In a message dated 96-01-30 13:49:10 EST, Robert.J.Meyerson@uwrf.edu (Rob
Meyerson) writes:

>I'm afraid I can't agree.  Recent work on _Triceratops_ has lead to the=
> conclusion that sprawling forelimbs actually do coincide with trackway=
> data.  I recently had the pleasure of talking with Bruce Erickson, from
the=
> Science Museum of Minnesota (who's collection has one of the few=
> non-plaster mounts of _Triceratops_, placed in a sprawling posture).  By=
> measuring the width between the feet, he was able to put together a=
> composite of what trackway his T-tops would make.  Suprise, Suprise, the=
> composite track coincides with the dimensions of a real trackway.
>
>Therefore, and back to my original question, since split posture types are=
> possible, could this also be accurate for other quadreped dinosaurs?
>
>

Since ceratopians were secondarily quadrupedal (the ancestral ceratopians
were small bipedal marginocephalians and psittacosaurs), there is no reason
to expect their graviportal forelimbs to have had a pose as fully erect as
their hind limbs, which had been primitively erect (a dinosaurian apomorphy)

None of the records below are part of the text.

(* Let $s,d,n$ be positive integers. Then the set $\mathrm{Zer}_s(d,n)=\{A\in\Omega_s(d,n):\operatorname{Per}(A)=0\}$ is the union of finitely many (convex) polytopes.
   Context: For a positive integer $n$ let $I_n=\{1,\dots,n\}$. A $d$-dimensional matrix of order $n$ is a function $A:I_n^d\to\mathbb R$; write $M(d,n)$ for the set of these. A $k$-plane of $A$ is the restriction of $A$ to $L_1\times\cdots\times L_d$ with each $L_i\subseteq I_n$ satisfying $|L_i|\in\{1,n\}$ and exactly $k$ of the $L_i$ equal to $I_n$; a $(d-1)$-plane is a hyperplane. A diagonal of $A$ is a selection of $n$ entries of $A$, no two in the same hyperplane (equivalently, $n$ positions any two of which differ in every coordinate). The permanent $\operatorname{Per}(A)$ is the sum over all diagonals of the product of the $n$ entries of the diagonal (an empty sum is $0$). A non-negative $A\in M(d,n)$ is $s$-polystochastic if the sum of the entries in every $s$-plane equals $1$; $\Omega_s(d,n)$ denotes the set of $s$-polystochastic matrices in $M(d,n)$ (a convex polytope). *)

From HB Require Import structures.
From mathcomp Require Import all_boot all_order all_algebra.
From mathcomp Require Import reals.
Set Implicit Arguments. Unset Strict Implicit. Unset Printing Implicit Defensive.
Import Order.TTheory GRing.Theory Num.Theory.
Local Open Scope ring_scope.

(* Positions of a d-dimensional matrix of order n: elements of I_n^d,
   encoded as functions 'I_d -> 'I_n (index i < n stands for i+1). *)
Definition pos (d n : nat) := {ffun 'I_d -> 'I_n}.

Definition mat (R : realType) (d n : nat) := {ffun pos d n -> R}.

(* The k-plane with free coordinate set K (#|K| = k) through position c:
   the positions agreeing with c on every coordinate outside K. *)
Definition in_plane (d n : nat) (K : {set 'I_d}) (c x : pos d n) : bool :=
  [forall i, (i \notin K) ==> (x i == c i)].

Definition polystochastic (R : realType) (s d n : nat) (A : mat R d n) : Prop :=
  (forall x, 0 <= A x) /\
  (forall (K : {set 'I_d}), #|K| = s ->
     forall c : pos d n, \sum_(x | in_plane K c x) A x = 1).

Definition is_diagonal (d n : nat) (D : {set pos d n}) : bool :=
  (#|D| == n) &&
  [forall x in D, forall y in D, (x != y) ==> [forall i, x i != y i]].

Definition Per (R : realType) (d n : nat) (A : mat R d n) : R :=
  \sum_(D : {set pos d n} | is_diagonal D) \prod_(x in D) A x.

Definition Zer (R : realType) (s d n : nat) (A : mat R d n) : Prop :=
  polystochastic s A /\ Per A = 0.

Definition in_conv (R : realType) (d n : nat) (P : seq (mat R d n))
    (A : mat R d n) : Prop :=
  exists w : 'I_(size P) -> R,
    (forall i, 0 <= w i) /\ \sum_i w i = 1 /\
    forall x, A x = \sum_i w i * (nth 0 P i) x.

(* A nonnegative matrix has zero permanent iff its zero set meets every
   diagonal.  Hence Zer_s(d,n) is the union, over the finitely many sets Z
   of positions meeting every diagonal, of the faces
   {A in Omega_s(d,n) : A = 0 on Z}.  Each face is a polyhedron
   {x >= 0 : a x = b} with no nonzero y >= 0 such that a y = 0 (every entry
   lies in an s-plane), and such a polyhedron is the convex hull of its
   basic points, one per support: by induction on the support, a
   non-basic feasible x can be pushed both ways along a kernel vector
   supported in supp x until a coordinate vanishes, which writes x as a
   convex combination of two feasible points of smaller support. *)

From HB Require Import structures.
From mathcomp Require Import all_boot all_order all_algebra.
From mathcomp Require Import reals boolp.
From mathcomp Require Import ring.
Set Implicit Arguments. Unset Strict Implicit. Unset Printing Implicit Defensive.
Import Order.TTheory GRing.Theory Num.Theory.
Local Open Scope ring_scope.

Definition conv (R : realType) (I : finType) (V : seq {ffun I -> R})
    (x : {ffun I -> R}) : Prop :=
  exists w : 'I_(size V) -> R,
    (forall k, 0 <= w k) /\ \sum_k w k = 1 /\
    forall i, x i = \sum_k w k * (nth 0 V k) i.

Section ConvexHull.
Variables (R : realType) (I : finType) (V : seq {ffun I -> R}).

Lemma conv_mem x : x \in V -> conv V x.
Proof.
move=> xV; pose k0 : 'I_(size V) := Ordinal (etrans (index_mem x V) xV).
exists (fun k => (k == k0)%:R); split; first by move=> k; rewrite ler0n.
split; first by rewrite (bigD1 k0) //= eqxx big1 ?addr0 // => k /negbTE ->.
move=> i; rewrite (bigD1 k0) //= eqxx mul1r nth_index // big1 ?addr0 //.
by move=> k /negbTE ->; rewrite mul0r.
Qed.

Lemma conv_comb x1 x2 (t : R) : conv V x1 -> conv V x2 -> 0 <= t <= 1 ->
  conv V [ffun i => t * x1 i + (1 - t) * x2 i].
Proof.
move=> [w1 [w1_ge0 [w1_sum w1x]]] [w2 [w2_ge0 [w2_sum w2x]]] /andP[t_ge0 t_le1].
exists (fun k => t * w1 k + (1 - t) * w2 k); split.
  by move=> k; rewrite addr_ge0 ?mulr_ge0 ?subr_ge0.
split; first by rewrite big_split /= -!mulr_sumr w1_sum w2_sum !mulr1 subrKC.
move=> i; rewrite ffunE w1x w2x !mulr_sumr -big_split /=.
by apply: eq_bigr => k _; rewrite [RHS]mulrDl !mulrA.
Qed.

End ConvexHull.

Lemma ratio_test (R : realType) (T : finType) (x y : T -> R) :
  (forall i, 0 <= x i) -> (forall i, x i = 0 -> y i = 0) -> (exists i, y i < 0) ->
  exists2 t, 0 < t &
    (forall i, 0 <= x i + t * y i) /\ exists2 i, x i != 0 & x i + t * y i = 0.
Proof.
move=> x_ge0 supp_y [i0 yi0_lt0].
have [i yi_lt0 i_min] :=
  @arg_minP _ R T i0 (fun i => y i < 0) (fun i => x i / - y i) yi0_lt0.
have xi_neq0 : x i != 0 by apply: contraTneq yi_lt0 => /supp_y ->; rewrite ltxx.
have xi_gt0 : 0 < x i by rewrite lt_def xi_neq0 x_ge0.
have Nyi_gt0 : 0 < - y i by rewrite oppr_gt0.
exists (x i / - y i); first by rewrite divr_gt0.
split; last by exists i; rewrite // -[X in _ * X]opprK mulrN divfK ?subrr ?lt0r_neq0.
move=> j; have [yj_lt0 | yj_ge0] := ltP (y j) 0; last first.
  by rewrite addr_ge0 // mulr_ge0 // ltW // divr_gt0.
have : x i / - y i * - y j <= x j by rewrite -ler_pdivlMr ?oppr_gt0 ?i_min.
by rewrite mulrN -subr_ge0 opprK.
Qed.

Section StandardFormPolyhedron.
Variables (R : realType) (I J : finType) (a : J -> I -> R) (b : J -> R).

Definition feasible (x : {ffun I -> R}) : Prop :=
  (forall i, 0 <= x i) /\ forall j, \sum_i a j i * x i = b j.

Definition homogeneous (y : {ffun I -> R}) : Prop :=
  forall j, \sum_i a j i * y i = 0.

Definition supp (x : {ffun I -> R}) : {set I} := [set i | x i != 0].

Lemma suppN y : supp (- y) = supp y.
Proof. by apply/setP => i; rewrite !inE ffunE oppr_eq0. Qed.

Definition basic (x : {ffun I -> R}) : Prop :=
  feasible x /\ forall y, homogeneous y -> supp y \subset supp x -> y = 0.

Lemma homogeneousB x x' : feasible x -> feasible x' -> homogeneous (x - x').
Proof.
move=> [_ ax] [_ ax'] j; under eq_bigr do rewrite !ffunE mulrBr.
by rewrite sumrB ax ax' subrr.
Qed.

Lemma homogeneousN y : homogeneous y -> homogeneous (- y).
Proof.
move=> ay j; under eq_bigr do rewrite ffunE mulrN.
by rewrite sumrN ay oppr0.
Qed.

Lemma feasible_shift x y t : feasible x -> homogeneous y ->
  (forall i, 0 <= x i + t * y i) -> feasible [ffun i => x i + t * y i].
Proof.
move=> [_ ax] ay shift_ge0; split=> [i | j]; first by rewrite ffunE.
under eq_bigr do rewrite ffunE mulrDr mulrCA.
by rewrite big_split /= -mulr_sumr ay mulr0 addr0 ax.
Qed.

Lemma conv_feasible V x :
  (forall v, v \in V -> feasible v) -> conv V x -> feasible x.
Proof.
move=> V_feas [w [w_ge0 [w_sum wx]]].
have feas_k (k : 'I_(size V)) : feasible (nth 0 V k) by apply/V_feas/mem_nth.
split=> [i | j].
  by rewrite wx sumr_ge0 // => k _; rewrite mulr_ge0 // (feas_k k).1.
under eq_bigr do rewrite wx mulr_sumr.
rewrite exchange_big /= -[b j]mul1r -w_sum mulr_suml.
apply: eq_bigr => k _; rewrite -(feas_k k).2 mulr_sumr.
by apply: eq_bigr => i _; rewrite mulrCA.
Qed.

Lemma basic_uniq x x' : basic x -> feasible x' -> supp x' \subset supp x -> x' = x.
Proof.
move=> [fx x_min] fx' supp_x'; apply/eqP; rewrite -subr_eq0; apply/eqP.
apply: x_min; first exact: homogeneousB.
apply/subsetP => i; rewrite inE !ffunE => diff_neq0.
have [xi0 | ] := eqVneq (x i) 0; last by rewrite inE.
by apply: (subsetP supp_x'); rewrite inE; move: diff_neq0; rewrite xi0 subr0.
Qed.

Lemma basic_finite : exists V : seq {ffun I -> R},
  (forall v, v \in V -> basic v) /\ (forall x, basic x -> x \in V).
Proof.
(* By [basic_uniq], each support carries at most one basic point. *)
have /fin_all_exists [f fP] (S : {set I}) : exists o : option {ffun I -> R},
    (forall v, o = Some v -> basic v) /\ (forall x, basic x -> supp x = S -> o = Some x).
  have [[x [bx <-]] | no_basic] := pselect (exists x, basic x /\ supp x = S).
    exists (Some x); split=> [v [<-] // | x' bx' supp_x'].
    by rewrite (basic_uniq bx bx'.1) ?supp_x'.
  by exists None; split=> // x bx supp_x; case: no_basic; exists x.
exists (pmap f (enum {set I})); split=> [v | x bx]; rewrite mem_pmap.
  by case/mapP=> S _ /esym/(fP S).1.
by apply/mapP; exists (supp x); rewrite ?mem_enum // ((fP _).2 x bx).
Qed.

Hypothesis bounded :
  forall y, homogeneous y -> (forall i, 0 <= y i) -> y = 0.

Lemma homogeneous_neg_coord y : homogeneous y -> y != 0 -> exists i, y i < 0.
Proof.
move=> ay; apply: contraNP => no_neg; apply/eqP/bounded => // i.
by rewrite leNgt; apply/negP => yi_lt0; apply: no_neg; exists i.
Qed.

Lemma shrink_support x y : feasible x -> homogeneous y -> y != 0 ->
  supp y \subset supp x ->
  exists2 t, 0 < t & feasible [ffun i => x i + t * y i] /\
                     supp [ffun i => x i + t * y i] \proper supp x.
Proof.
move=> fx ay y_neq0 supp_y.
have supp_y' i : x i = 0 -> y i = 0.
  move=> xi0; apply/eqP; have := contra (subsetP supp_y i).
  by rewrite !inE xi0 eqxx !negbK; apply.
have [t t_gt0 [shift_ge0 [i xi_neq0 shift_i]]] :=
  ratio_test fx.1 supp_y' (homogeneous_neg_coord ay y_neq0).
exists t => //; split; first exact: feasible_shift.
apply/properP; split.
  apply/subsetP => j; rewrite !inE ffunE; apply: contraNN => /eqP xj0.
  by rewrite xj0 supp_y' // mulr0 addr0.
by exists i; rewrite !inE ?ffunE ?shift_i ?eqxx.
Qed.

Lemma feasible_conv_basic V :
  (forall x, basic x -> x \in V) -> forall x, feasible x -> conv V x.
Proof.
move=> basic_V x; have [k] := ubnP #|supp x|; elim: k x => // k IH x.
rewrite ltnS => supp_le fx.
have [/basic_V/conv_mem // | not_basic] := pselect (basic x).
have [y [ay y_neq0 supp_y]] :
    exists y, [/\ homogeneous y, y != 0 & supp y \subset supp x].
  apply: contra_notP not_basic => no_dir; split=> // y ay supp_y.
  by apply: contra_notP no_dir => /eqP y_neq0; exists y.
have Ny_neq0 : - y != 0 by rewrite oppr_eq0.
have supp_Ny : supp (- y) \subset supp x by rewrite suppN.
have [t1 t1_gt0 [f1 lt1]] := shrink_support fx ay y_neq0 supp_y.
have [t2 t2_gt0 [f2 lt2]] :=
  shrink_support fx (homogeneousN ay) Ny_neq0 supp_Ny.
have IH_lt x' : supp x' \proper supp x -> feasible x' -> conv V x'.
  by move=> /proper_card lt_x'; apply: IH; apply: leq_trans lt_x' supp_le.
have t12_gt0 : 0 < t1 + t2 by rewrite addr_gt0.
(* x divides the segment from x + t1 y to x - t2 y in the ratio t1 : t2. *)
have := conv_comb (IH_lt _ lt1 f1) (IH_lt _ lt2 f2) (t := t2 / (t1 + t2)).
have -> : [ffun i => t2 / (t1 + t2) * [ffun i => x i + t1 * y i] i +
    (1 - t2 / (t1 + t2)) * [ffun i => x i + t2 * (- y) i] i] = x.
  by apply/ffunP => i; rewrite !ffunE; field; rewrite lt0r_neq0.
apply; apply/andP; split; first by rewrite divr_ge0 ?ltW.
by rewrite ler_pdivrMr // mul1r lerDr ltW.
Qed.

Lemma feasible_polytope : exists V, forall x, feasible x <-> conv V x.
Proof.
have [V [V_basic basic_V]] := basic_finite.
exists V => x; split; first exact: feasible_conv_basic.
by apply: conv_feasible => v /V_basic [].
Qed.

End StandardFormPolyhedron.

Lemma finite_union_polytopes (R : realType) (I T : finType) (Q : pred T)
    (P : T -> {ffun I -> R} -> Prop) :
  (forall t, exists V, forall x, P t x <-> conv V x) ->
  exists Ps : seq (seq {ffun I -> R}),
    forall x, (exists2 t, Q t & P t x) <-> exists2 V, V \in Ps & conv V x.
Proof.
case/fin_all_exists=> V VP; exists [seq V t | t <- enum T & Q t] => x; split.
  by case=> t Qt /VP Vx; exists (V t); rewrite // map_f // mem_filter Qt mem_enum.
by case=> W /mapP [t]; rewrite mem_filter mem_enum andbT => Qt -> /VP; exists t.
Qed.

Lemma sum_mul_indicator (R : ringType) (I : finType) (P : pred I) (F : I -> R) :
  \sum_i (P i)%:R * F i = \sum_(i | P i) F i.
Proof. by rewrite [RHS]big_mkcond; apply: eq_bigr => i _; rewrite mulr_natl mulrb. Qed.

Section PolystochasticFace.
Variables (R : realType) (s d n : nat) (Z : {set pos d n}).

(* One equation for each s-plane (free coordinates K, through c) and one
   forcing each entry in Z to vanish. *)
Local Notation face_eqn :=
  ({K : {set 'I_d} | #|K| == s} * pos d n + {z : pos d n | z \in Z})%type.

Definition face_coef (j : face_eqn) (x : pos d n) : R :=
  match j with
  | inl (K, c) => (in_plane (val K) c x)%:R
  | inr z => (x == val z)%:R
  end.

Definition face_rhs (j : face_eqn) : R := if j is inl _ then 1 else 0.

Lemma feasible_faceE (A : mat R d n) :
  feasible face_coef face_rhs A <->
  polystochastic s A /\ {in Z, forall z, A z = 0}.
Proof.
split=> [[A_ge0 A_eqn] | [[A_ge0 A_planes] A_Z]].
  split; first split=> // [K /eqP sK c].
    by have := A_eqn (inl (exist _ K sK, c)); rewrite /= sum_mul_indicator.
  move=> z zZ; have := A_eqn (inr (exist _ z zZ)).
  by rewrite /= sum_mul_indicator big_pred1_eq.
split=> // [[[[K sK] c] | [z zZ]]]; rewrite /= sum_mul_indicator ?big_pred1_eq.
  exact/A_planes/eqP.
exact: A_Z.
Qed.

Lemma face_bounded : (s <= d)%N ->
  forall y, homogeneous face_coef y -> (forall x, 0 <= y x) -> y = 0.
Proof.
move=> le_sd y y_eqn y_ge0.
have : (0 < #|[set K : {set 'I_d} | #|K| == s]|)%N.
  by rewrite card_draws card_ord bin_gt0.
case/card_gt0P=> K; rewrite inE => sK; apply/ffunP => x; rewrite ffunE.
have := y_eqn (inl (exist _ K sK, x)); rewrite /= sum_mul_indicator.
by move/psumr_eq0P; apply=> //; apply/forallP => i; apply/implyP.
Qed.

Lemma face_polytope : (s <= d)%N -> exists V,
  forall A : mat R d n, polystochastic s A /\ {in Z, forall z, A z = 0} <-> conv V A.
Proof.
move=> le_sd; have [V VP] := feasible_polytope face_rhs (face_bounded le_sd).
by exists V => A; split=> [/feasible_faceE/VP | /VP/feasible_faceE].
Qed.

End PolystochasticFace.

Definition meets_diagonals (d n : nat) (Z : {set pos d n}) : bool :=
  [forall D : {set pos d n}, is_diagonal D ==> [exists x in D, x \in Z]].

Lemma Per_eq0_meets (R : realType) (d n : nat) (A : mat R d n) :
  (forall x, 0 <= A x) -> Per A = 0 -> meets_diagonals [set x | A x == 0].
Proof.
move=> A_ge0 Per0; apply/forallP => D; apply/implyP => D_diag.
have prod_ge0 D' : is_diagonal D' -> 0 <= \prod_(x in D') A x.
  by move=> _; apply: prodr_ge0.
have /eqP := psumr_eq0P prod_ge0 Per0 D_diag.
by case/prodf_eq0 => x xD Ax0; apply/existsP; exists x; rewrite xD inE.
Qed.

Lemma Per_eq0_of_meets (R : realType) (d n : nat) (A : mat R d n) Z :
  meets_diagonals Z -> {in Z, forall z, A z = 0} -> Per A = 0.
Proof.
move=> /forallP Z_meets A_Z; rewrite /Per big1 // => D /(implyP (Z_meets D)).
by case/existsP=> x /andP[xD xZ]; rewrite (bigD1 x) //= A_Z // mul0r.
Qed.

Lemma ZerE (R : realType) (s d n : nat) (A : mat R d n) :
  Zer s A <-> exists2 Z, meets_diagonals Z &
                         polystochastic s A /\ {in Z, forall z, A z = 0}.
Proof.
split=> [[A_poly Per0] | [Z Z_meets [A_poly A_Z]]].
  exists [set x | A x == 0]; first exact: Per_eq0_meets A_poly.1 Per0.
  by split=> // x /[!inE]/eqP.
by split=> //; apply: Per_eq0_of_meets Z_meets A_Z.
Qed.

Theorem lemma2p1 (R : realType) (s d n : nat) :
  (0 < s)%N -> (0 < d)%N -> (0 < n)%N -> (s <= d)%N ->
  exists Ps : seq (seq (mat R d n)),
    forall A : mat R d n, Zer s A <-> (exists2 P, P \in Ps & in_conv P A).
Proof.
move=> _ _ _ le_sd.
have [Ps PsP] := finite_union_polytopes (@meets_diagonals d n)
  (fun Z => face_polytope R Z le_sd).
by exists Ps => A; split=> [/ZerE/PsP | /PsP/ZerE].
Qed.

for about 150 million years. Indeed, because the large, graviportal
ceratopians had evolved quite rapidly during essentially the second half of
the Late Cretaceous (about 20 million years altogether), one would not expect
much in the way of a fully erect pose--the result of lengthy evolution--from
the formerly grasping forelimbs. The forelimbs became suborned in a "fast and
dirty" way to holding up the animals' forequarters, letting the "evolutionary
chips" fall where they may. Perhaps, had there been no terminal Cretaceous
extinction event, the forelimbs of ceratopians would eventually have trended
toward a more fully erect pose, but now we'll never know.